Assignment: The answer is the full set of records below, transcribed exactly.

[Dataset entries]
(* Let $L\in\mathbb{N}_+$ and $n_0,n_1,\dots,n_L\in\mathbb{N}_+$. Define the binomial bound $$\beta=\big\|B_{n_L}M_{n_{L-1},n_L}\cdots B_{n_1}M_{n_0,n_1}e_{n_0+1}\big\|_1$$ and the Montúfar bound $\mu=\prod_{l=1}^{L}\sum_{j=0}^{\min(n_0,\dots,n_{l-1})}\binom{n_l}{j}$. Then $\beta\le\mu$, and $\beta<\mu$ if and only if there exists $l\in\{1,\dots,L-1\}$ with $n_l<\min(n_0,\dots,n_l)+\min(n_0,\dots,n_{l+1})$.
   Context: $V$ denotes sequences $(v_j)_{j\in\mathbb{N}}$ (indexed from $0$) of nonnegative integers with finite sum; ${\rm e}_k\in V$ has $({\rm e}_k)_j=\delta_{kj}$. Clipping: $\mathrm{cl}_{i^*}(v)_i=v_i$ for $i<i^*$, $\sum_{j\ge i^*}v_j$ for $i=i^*$, $0$ for $i>i^*$. For $n\in\mathbb{N}_+$, $k\in\{0,\dots,n\}$ let $\gamma_{k,n}=\sum_{j=0}^{k}\binom{n}{j}{\rm e}_{n-j}$, and let $B_n\in\mathbb{N}^{(n+1)\times(n+1)}$ be given by $(B_n)_{a,b}=(\mathrm{cl}_{b-1}(\gamma_{b-1,n}))_{a-1}$, $a,b\in\{1,\dots,n+1\}$. For $n,n'\in\mathbb{N}$, the connector matrix $M_{n,n'}\in\mathbb{R}^{(n'+1)\times(n+1)}$ has entries $(M_{n,n'})_{a,b}=\delta_{a,\min(b,n'+1)}$. $e_{n_0+1}\in\mathbb{R}^{n_0+1}$ is the standard unit vector with $1$ in the last position; $\|\cdot\|_1$ is the sum of absolute values of entries. *)

From mathcomp Require Import all_boot all_order all_algebra.
Set Implicit Arguments. Unset Strict Implicit. Unset Printing Implicit Defensive.
Import GRing.Theory Num.Theory.

(* Elements of V (finitely supported nat sequences indexed from 0) are
   represented by finite lists; entries beyond the list are 0. *)
Definition V := seq nat.
Definition vat (v : V) (i : nat) : nat := nth 0%N v i.
Definition vadd (u v : V) : V :=
  mkseq (fun i => vat u i + vat v i)%N (maxn (size u) (size v)).
Definition vscale (c : nat) (v : V) : V := map (muln c) v.
Definition ev (k : nat) : V := rcons (nseq k 0%N) 1%N.
Definition clip (istar : nat) (v : V) : V :=
  mkseq (fun i => if (i < istar)%N then vat v i
                  else if i == istar then (\sum_(istar <= j < size v) vat v j)%N
                  else 0%N) istar.+1.
Definition gamma (k n : nat) : V :=
  \big[vadd/[::]]_(j < k.+1) vscale 'C(n, j) (ev (n - j)).

Local Open Scope ring_scope.
(* B_n, 0-based indices: (B_n)_{a,b} = (cl_b(gamma_{b,n}))_a *)
Definition Bmx (n : nat) : 'M[int]_(n.+1) :=
  \matrix_(a < n.+1, b < n.+1) ((vat (clip b (gamma b n)) a)%:Z).
Definition Mmx (n n' : nat) : 'M[int]_(n'.+1, n.+1) :=
  \matrix_(a < n'.+1, b < n.+1) ((nat_of_ord a == minn b n')%:R).

(* v_0 = e_{n_0+1}; v_l = B_{n_l} M_{n_{l-1},n_l} v_{l-1} *)
Fixpoint bvec (ns : nat -> nat) (l : nat) : 'cV[int]_((ns l).+1) :=
  match l return 'cV[int]_((ns l).+1) with
  | 0 => delta_mx ord_max 0
  | l'.+1 => Bmx (ns l'.+1) *m Mmx (ns l') (ns l'.+1) *m bvec ns l'
  end.

Definition beta (ns : nat -> nat) (L : nat) : nat :=
  (\sum_(i < (ns L).+1) absz (bvec ns L i ord0))%N.

Definition minpre (ns : nat -> nat) (l : nat) : nat :=
  \big[minn/ns 0%N]_(i < l.+1) ns i.

Definition mu (ns : nat -> nat) (L : nat) : nat :=
  (\prod_(1 <= l < L.+1) \sum_(j < (minpre ns l.-1).+1) 'C(ns l, j))%N.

Solution to this task:
(* Let $L\in\mathbb{N}_+$ and $n_0,n_1,\dots,n_L\in\mathbb{N}_+$. Define the binomial bound $$\beta=\big\|B_{n_L}M_{n_{L-1},n_L}\cdots B_{n_1}M_{n_0,n_1}e_{n_0+1}\big\|_1$$ and the Montúfar bound $\mu=\prod_{l=1}^{L}\sum_{j=0}^{\min(n_0,\dots,n_{l-1})}\binom{n_l}{j}$. Then $\beta\le\mu$, and $\beta<\mu$ if and only if there exists $l\in\{1,\dots,L-1\}$ with $n_l<\min(n_0,\dots,n_l)+\min(n_0,\dots,n_{l+1})$.
   Context: $V$ denotes sequences $(v_j)_{j\in\mathbb{N}}$ (indexed from $0$) of nonnegative integers with finite sum; ${\rm e}_k\in V$ has $({\rm e}_k)_j=\delta_{kj}$. Clipping: $\mathrm{cl}_{i^*}(v)_i=v_i$ for $i<i^*$, $\sum_{j\ge i^*}v_j$ for $i=i^*$, $0$ for $i>i^*$. For $n\in\mathbb{N}_+$, $k\in\{0,\dots,n\}$ let $\gamma_{k,n}=\sum_{j=0}^{k}\binom{n}{j}{\rm e}_{n-j}$, and let $B_n\in\mathbb{N}^{(n+1)\times(n+1)}$ be given by $(B_n)_{a,b}=(\mathrm{cl}_{b-1}(\gamma_{b-1,n}))_{a-1}$, $a,b\in\{1,\dots,n+1\}$. For $n,n'\in\mathbb{N}$, the connector matrix $M_{n,n'}\in\mathbb{R}^{(n'+1)\times(n+1)}$ has entries $(M_{n,n'})_{a,b}=\delta_{a,\min(b,n'+1)}$. $e_{n_0+1}\in\mathbb{R}^{n_0+1}$ is the standard unit vector with $1$ in the last position; $\|\cdot\|_1$ is the sum of absolute values of entries. *)

From mathcomp Require Import all_boot all_order all_algebra.
Set Implicit Arguments. Unset Strict Implicit. Unset Printing Implicit Defensive.
Import GRing.Theory Num.Theory.

(* Elements of V (finitely supported nat sequences indexed from 0) are
   represented by finite lists; entries beyond the list are 0. *)
Definition V := seq nat.
Definition vat (v : V) (i : nat) : nat := nth 0%N v i.
Definition vadd (u v : V) : V :=
  mkseq (fun i => vat u i + vat v i)%N (maxn (size u) (size v)).
Definition vscale (c : nat) (v : V) : V := map (muln c) v.
Definition ev (k : nat) : V := rcons (nseq k 0%N) 1%N.
Definition clip (istar : nat) (v : V) : V :=
  mkseq (fun i => if (i < istar)%N then vat v i
                  else if i == istar then (\sum_(istar <= j < size v) vat v j)%N
                  else 0%N) istar.+1.
Definition gamma (k n : nat) : V :=
  \big[vadd/[::]]_(j < k.+1) vscale 'C(n, j) (ev (n - j)).

Local Open Scope ring_scope.
(* B_n, 0-based indices: (B_n)_{a,b} = (cl_b(gamma_{b,n}))_a *)
Definition Bmx (n : nat) : 'M[int]_(n.+1) :=
  \matrix_(a < n.+1, b < n.+1) ((vat (clip b (gamma b n)) a)%:Z).
Definition Mmx (n n' : nat) : 'M[int]_(n'.+1, n.+1) :=
  \matrix_(a < n'.+1, b < n.+1) ((nat_of_ord a == minn b n')%:R).

(* v_0 = e_{n_0+1}; v_l = B_{n_l} M_{n_{l-1},n_l} v_{l-1} *)
Fixpoint bvec (ns : nat -> nat) (l : nat) : 'cV[int]_((ns l).+1) :=
  match l return 'cV[int]_((ns l).+1) with
  | 0 => delta_mx ord_max 0
  | l'.+1 => Bmx (ns l'.+1) *m Mmx (ns l') (ns l'.+1) *m bvec ns l'
  end.

Definition beta (ns : nat -> nat) (L : nat) : nat :=
  (\sum_(i < (ns L).+1) absz (bvec ns L i ord0))%N.

Definition minpre (ns : nat -> nat) (l : nat) : nat :=
  \big[minn/ns 0%N]_(i < l.+1) ns i.

Definition mu (ns : nat -> nat) (L : nat) : nat :=
  (\prod_(1 <= l < L.+1) \sum_(j < (minpre ns l.-1).+1) 'C(ns l, j))%N.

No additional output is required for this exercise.